No fim, o que une todas essas conversas é um mesmo pano de fundo. Nesses dois primeiros dias, o SXSW 2026 parece menos interessado em celebrar o avanço das máquinas e mais empenhado em discutir aquilo que precisa ser restaurado nos humanos. Reparar direção. Reparar vínculos. Reparar o excesso. Reparar a credibilidade. Reparar a capacidade de imaginar futuros habitáveis. Reparar, inclusive, a alegria. Não essa alegria performática, plastificada, mas a alegria como microvitória, como presença, como pequeno florescimento possível num mundo exausto.

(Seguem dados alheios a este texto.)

(* Let $K$ be a number field, $0<\alpha<1$, and suppose there is $\mathcal{C}_K>0$ with $|f_1(x,K)|\leq\mathcal{C}_K x^{\alpha}$ for all $x\geq1$. Then for all $x\geq1$, $$|f_2(x,K)|\leq\mathcal{C}_K x^{\alpha}\left(\log x+\frac{1-x^{-\alpha}}{\alpha}\right).$$
   Context: Write $\zeta_K(s)=\sum_{n\geq1}c_K(n)n^{-s}$ for the Dedekind zeta function of $K$ ($c_K(n)$ = number of ideals of $\mathcal{O}_K$ of norm $n$) and $\rho_K$ for its residue at $s=1$. Define $f_1(x,K):=\sum_{n\leq x}c_K(n)-\rho_K x$ and $f_2(x,K):=\sum_{n\leq x}c_K(n)\log n-\rho_K(x\log x-x+1)$. *)

From HB Require Import structures.
From mathcomp Require Import all_boot all_order all_algebra all_field.
From mathcomp Require Import all_classical all_reals all_analysis.
From mathcomp Require Import finmap.
Set Implicit Arguments. Unset Strict Implicit. Unset Printing Implicit Defensive.
Import Order.TTheory GRing.Theory Num.Theory numFieldNormedType.Exports.
Local Open Scope classical_set_scope.
Local Open Scope ring_scope.

Section NumberField.
Variable K : fieldExtType rat.

Definition OK (x : K) : Prop :=
  exists p : {poly int}, p \is monic /\ root (map_poly (fun z : int => z%:~R : K) p) x.

Definition is_ideal (I : set K) : Prop :=
  [/\ I `<=` OK, I 0,
      (forall a b, I a -> I b -> I (a - b)) &
      (forall r a, OK r -> I a -> I (r * a))].

(* Absolute norm: N(I) = n iff O_K/I has exactly n elements, i.e. there are n
   elements of O_K pairwise incongruent mod I representing every class.
   (The zero ideal has no finite norm.) *)
Definition has_norm (I : set K) (n : nat) : Prop :=
  exists s : seq K,
    [/\ size s = n, (forall r, r \in s -> OK r),
        (forall i j, (i < n)%N -> (j < n)%N -> I (s`_i - s`_j) -> i = j) &
        (forall a, OK a -> exists2 i, (i < n)%N & I (a - s`_i))].

Definition ideals_of_norm (n : nat) : set (set K) :=
  [set I : set K | is_ideal I /\ has_norm I n].

(* (fset_set of a finite set is that set as a finite set; the set is finite.) *)
Definition cK (n : nat) : nat := size (enum_fset (fset_set (ideals_of_norm n))).

Variable R : realType.

Definition zetaK (s : R) : R :=
  limn (fun N : nat => \sum_(1 <= n < N) ((cK n)%:R * (n%:R `^ (- s)))).

Definition rhoK : R := lim ((fun s : R => (s - 1) * zetaK s) @ (1 : R)^'+).

Definition f1 (x : R) : R :=
  \sum_(1 <= n < (Num.truncn x).+1) (cK n)%:R - rhoK * x.

Definition f2 (x : R) : R :=
  \sum_(1 <= n < (Num.truncn x).+1) (cK n)%:R * ln (n%:R : R)
  - rhoK * (x * ln x - x + 1).

End NumberField.

(* With S(t) = sum_(n <= t) c_K(n), so that f_1(t) = S(t) - rho t, Abel summation gives
   f_2(x) = f_1(x) log x - int_1^x f_1(t)/t dt; the first term is at most C x^a log x and
   the integral at most int_1^x C t^(a-1) dt = C (x^a - 1)/a.  No integral is formed:
   on each [k, k+1] the sum S is a constant A, the remainder's variation there is that of
   A log t - rho t, whose derivative (A - rho t)/t is dominated by C t^(a-1), the derivative
   of C t^a / a; and the remainder does not jump at the integers. *)
From HB Require Import structures.
From mathcomp Require Import all_boot all_order all_algebra all_field.
From mathcomp Require Import all_classical all_reals all_analysis.
From mathcomp Require Import ring lra.
Set Implicit Arguments. Unset Strict Implicit. Unset Printing Implicit Defensive.
Import Order.TTheory GRing.Theory Num.Theory numFieldNormedType.Exports.
Local Open Scope classical_set_scope.
Local Open Scope ring_scope.

Section DerivativeDomination.
Variable R : realType.

Lemma ler_norm_sub_derive (f g df dg : R -> R) (a b : R) :
  a <= b ->
  (forall x, x \in `]a, b[ -> is_derive x 1 f (df x)) ->
  (forall x, x \in `]a, b[ -> is_derive x 1 g (dg x)) ->
  {within `[a, b], continuous f} -> {within `[a, b], continuous g} ->
  (forall x, x \in `]a, b[ -> `|df x| <= dg x) ->
  `|f b - f a| <= g b - g a.
Proof.
move=> ab fd gd fc gc dfg.
have [<-|neab] := eqVneq a b; first by rewrite !subrr normr0.
have {ab neab} ab : a < b by rewrite lt_neqAle neab.
have incr (h dh : R -> R) : (forall x, x \in `]a, b[ -> is_derive x 1 h (dh x)) ->
    {within `[a, b], continuous h} -> (forall x, x \in `]a, b[ -> 0 <= dh x) ->
    h a <= h b.
  move=> hd hc dh0; rewrite -subr_ge0; have [x xab ->] := MVT ab hd hc.
  by rewrite mulr_ge0 ?dh0 // subr_ge0 ltW.
have gBf : (g - f) a <= (g - f) b.
  apply: (incr _ (fun x => dg x - df x)).
  - by move=> x xab; apply: is_deriveB; [exact: gd | exact: fd].
  - by move=> x; exact: (continuousB (gc x) (fc x)).
  - by move=> x /dfg; rewrite ler_norml => /andP[]; lra.
have gDf : (g + f) a <= (g + f) b.
  apply: (incr _ (fun x => dg x + df x)).
  - by move=> x xab; apply: is_deriveD; [exact: gd | exact: fd].
  - by move=> x; exact: (continuousD (gc x) (fc x)).
  - by move=> x /dfg; rewrite ler_norml => /andP[]; lra.
by move: gBf gDf; rewrite !fctE ler_norml => ? ?; apply/andP; split; lra.
Qed.

Lemma ler_norm_sub_log_linear (A rho C al k t : R) :
  0 < k -> k <= t -> 0 < al ->
  (forall s, k < s -> s < t -> `|A - rho * s| <= C * s `^ al) ->
  `|(A * ln t - rho * t) - (A * ln k - rho * k)| <= C / al * (t `^ al - k `^ al).
Proof.
move=> k0 kt al0 hA; rewrite mulrBr.
have pos (x : R) : k <= x -> 0 < x := lt_le_trans k0.
have open_pos (x : R) : x \in `]k, t[ -> 0 < x.
  by rewrite in_itv /= => /andP[/ltW/pos].
have fd (x : R) : 0 < x -> is_derive x 1 (fun s => A * ln s - rho * s) (A / x - rho).
  move=> x0; apply: is_derive_eq.
    exact: (is_deriveB (is_deriveZ A (is_derive1_ln x0)) (is_deriveZ rho (is_derive_id x 1))).
  by rewrite /GRing.scale /= mulr1.
have gd (x : R) : 0 < x -> is_derive x 1 (fun s => C / al * s `^ al) (C * x `^ al / x).
  move=> x0; have -> : C * x `^ al / x = C / al * (al * x `^ (al - 1)).
    by rewrite powRB ?(gt_eqF x0, implybT) // powRr1 ?ltW //; field; rewrite !gt_eqF.
  exact: (is_deriveZ (C / al) (is_derive1_powR al x0)).
have fc : {within `[k, t], continuous (fun s => A * ln s - rho * s)}.
  apply: derivable_within_continuous => x; rewrite in_itv /= => /andP[/pos x0 _].
  by case: (fd x x0).
have gc : {within `[k, t], continuous (fun s => C / al * s `^ al)}.
  apply: derivable_within_continuous => x; rewrite in_itv /= => /andP[/pos x0 _].
  by case: (gd x x0).
have dom x : x \in `]k, t[ -> `|A / x - rho| <= C * x `^ al / x.
  move=> xkt; have x0 := open_pos x xkt.
  have -> : A / x - rho = (A - rho * x) / x by field; rewrite gt_eqF.
  rewrite normrM normfV (gtr0_norm x0) ler_pM2r ?invr_gt0 //.
  by move: xkt; rewrite in_itv /= => /andP[kx xt]; apply: hA.
exact: (ler_norm_sub_derive kt (fun x xkt => fd x (open_pos x xkt))
  (fun x xkt => gd x (open_pos x xkt)) fc gc dom).
Qed.
End DerivativeDomination.

Section AbelSummation.
Variables (R : realType) (c : nat -> R) (rho C al : R).
Hypothesis al_gt0 : 0 < al.

Definition count_sum (k : nat) : R := \sum_(1 <= n < k.+1) c n.

(* abel_rem (truncn t) t = - int_1^t (count_sum (truncn u) - rho u) / u du. *)
Definition abel_rem (k : nat) (t : R) : R :=
  \sum_(1 <= n < k.+1) c n * ln n%:R - count_sum k * ln t + rho * (t - 1).

Lemma abel_rem_succ (k : nat) : abel_rem k.+1 k.+1%:R = abel_rem k k.+1%:R.
Proof. by rewrite /abel_rem /count_sum !(big_nat_recr k.+1) //=; ring. Qed.

Hypothesis count_bound : forall s : R, 1 <= s ->
  `|count_sum (Num.truncn s) - rho * s| <= C * s `^ al.

Lemma count_bound_on_step (k : nat) (s : R) : (1 <= k)%N ->
  k%:R <= s < k.+1%:R -> `|count_sum k - rho * s| <= C * s `^ al.
Proof.
move=> k1 ks; rewrite -(truncn_def ks); apply: count_bound.
by case/andP: ks => + _; apply: le_trans; rewrite ler1n.
Qed.

Lemma abel_rem_step (k : nat) (t : R) : (1 <= k)%N -> k%:R <= t <= k.+1%:R ->
  `|abel_rem k t - abel_rem k k%:R| <= C / al * (t `^ al - k%:R `^ al).
Proof.
move=> k1 /andP[kt tk].
have -> : abel_rem k t - abel_rem k k%:R =
    - ((count_sum k * ln t - rho * t) - (count_sum k * ln k%:R - rho * k%:R)).
  by rewrite /abel_rem; ring.
rewrite normrN; apply: ler_norm_sub_log_linear => //; first by rewrite ltr0n.
move=> s ks st; apply: count_bound_on_step => //.
by rewrite (ltW ks) (lt_le_trans st tk).
Qed.

Lemma abel_rem_nat (k : nat) : (1 <= k)%N ->
  `|abel_rem k k%:R| <= C / al * (k%:R `^ al - 1).
Proof.
elim: k => [//|[_ _|k IH _]].
  by rewrite /abel_rem /count_sum big_nat1 ln1 powR1 !(mulr0, subrr, addr0, normr0).
rewrite abel_rem_succ -[abel_rem _ _](subrK (abel_rem k.+1 k.+1%:R)).
apply: le_trans (ler_normD _ _) _.
have -> : C / al * (k.+2%:R `^ al - 1) =
    C / al * (k.+2%:R `^ al - k.+1%:R `^ al) + C / al * (k.+1%:R `^ al - 1) by ring.
apply: lerD; last exact: IH.
by apply: abel_rem_step => //; rewrite ler_nat leqnSn lexx.
Qed.

Lemma abel_rem_bound (x : R) : 1 <= x ->
  `|abel_rem (Num.truncn x) x| <= C / al * (x `^ al - 1).
Proof.
move=> x1; set k := Num.truncn x.
have k1 : (1 <= k)%N by rewrite truncn_gt0.
have /andP[kx xk] := truncn_itv (le_trans ler01 x1).
rewrite -[abel_rem _ _](subrK (abel_rem k k%:R)).
apply: le_trans (ler_normD _ _) _.
have -> : C / al * (x `^ al - 1) =
    C / al * (x `^ al - k%:R `^ al) + C / al * (k%:R `^ al - 1) by ring.
apply: lerD; last exact: abel_rem_nat.
by apply: abel_rem_step => //; rewrite kx ltW.
Qed.

End AbelSummation.

Theorem lemma2 (K : fieldExtType rat) (R : realType) (alpha CK : R) :
  0 < alpha -> alpha < 1 -> 0 < CK ->
  (forall x : R, 1 <= x -> `|f1 K x| <= CK * x `^ alpha) ->
  forall x : R, 1 <= x ->
    `|f2 K x| <= CK * x `^ alpha * (ln x + (1 - x `^ (- alpha)) / alpha).
Proof.
move=> alpha_gt0 _ _ f1_bound x x1.
pose c n : R := (cK K n)%:R; pose k := Num.truncn x.
have -> : f2 K x = (count_sum c k - rhoK K R * x) * ln x + abel_rem c (rhoK K R) k x.
  by rewrite /f2 /abel_rem; ring.
have -> : CK * x `^ alpha * (ln x + (1 - x `^ (- alpha)) / alpha) =
    CK * x `^ alpha * ln x + CK / alpha * (x `^ alpha - 1).
  rewrite powRN; field.
  by rewrite (gt_eqF alpha_gt0) (gt_eqF (powR_gt0 _ (lt_le_trans ltr01 x1))).
apply: le_trans (ler_normD _ _) _; apply: lerD.
- by rewrite normrM (ger0_norm (ln_ge0 x1)) ler_wpM2r ?ln_ge0 ?f1_bound.
- exact: (abel_rem_bound alpha_gt0 f1_bound x1).
Qed.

É por isso que me parece cada vez mais claro que a comunicação entrou na era da reparação.

Isso não significa que sua função passe a ser terapêutica no sentido banal ou paternalista do termo. Significa algo mais desafiador. Que ela precisará reaprender a editar ruído, construir clareza, devolver contexto, criar vínculos mais honestos e operar com mais intenção do que impulso. Marcas que continuarem falando apenas na lógica do volume, da ansiedade e da saturação vão soar velhas, mesmo quando usarem a tecnologia mais nova do mercado. A obsolescência agora não é técnica. É simbólica.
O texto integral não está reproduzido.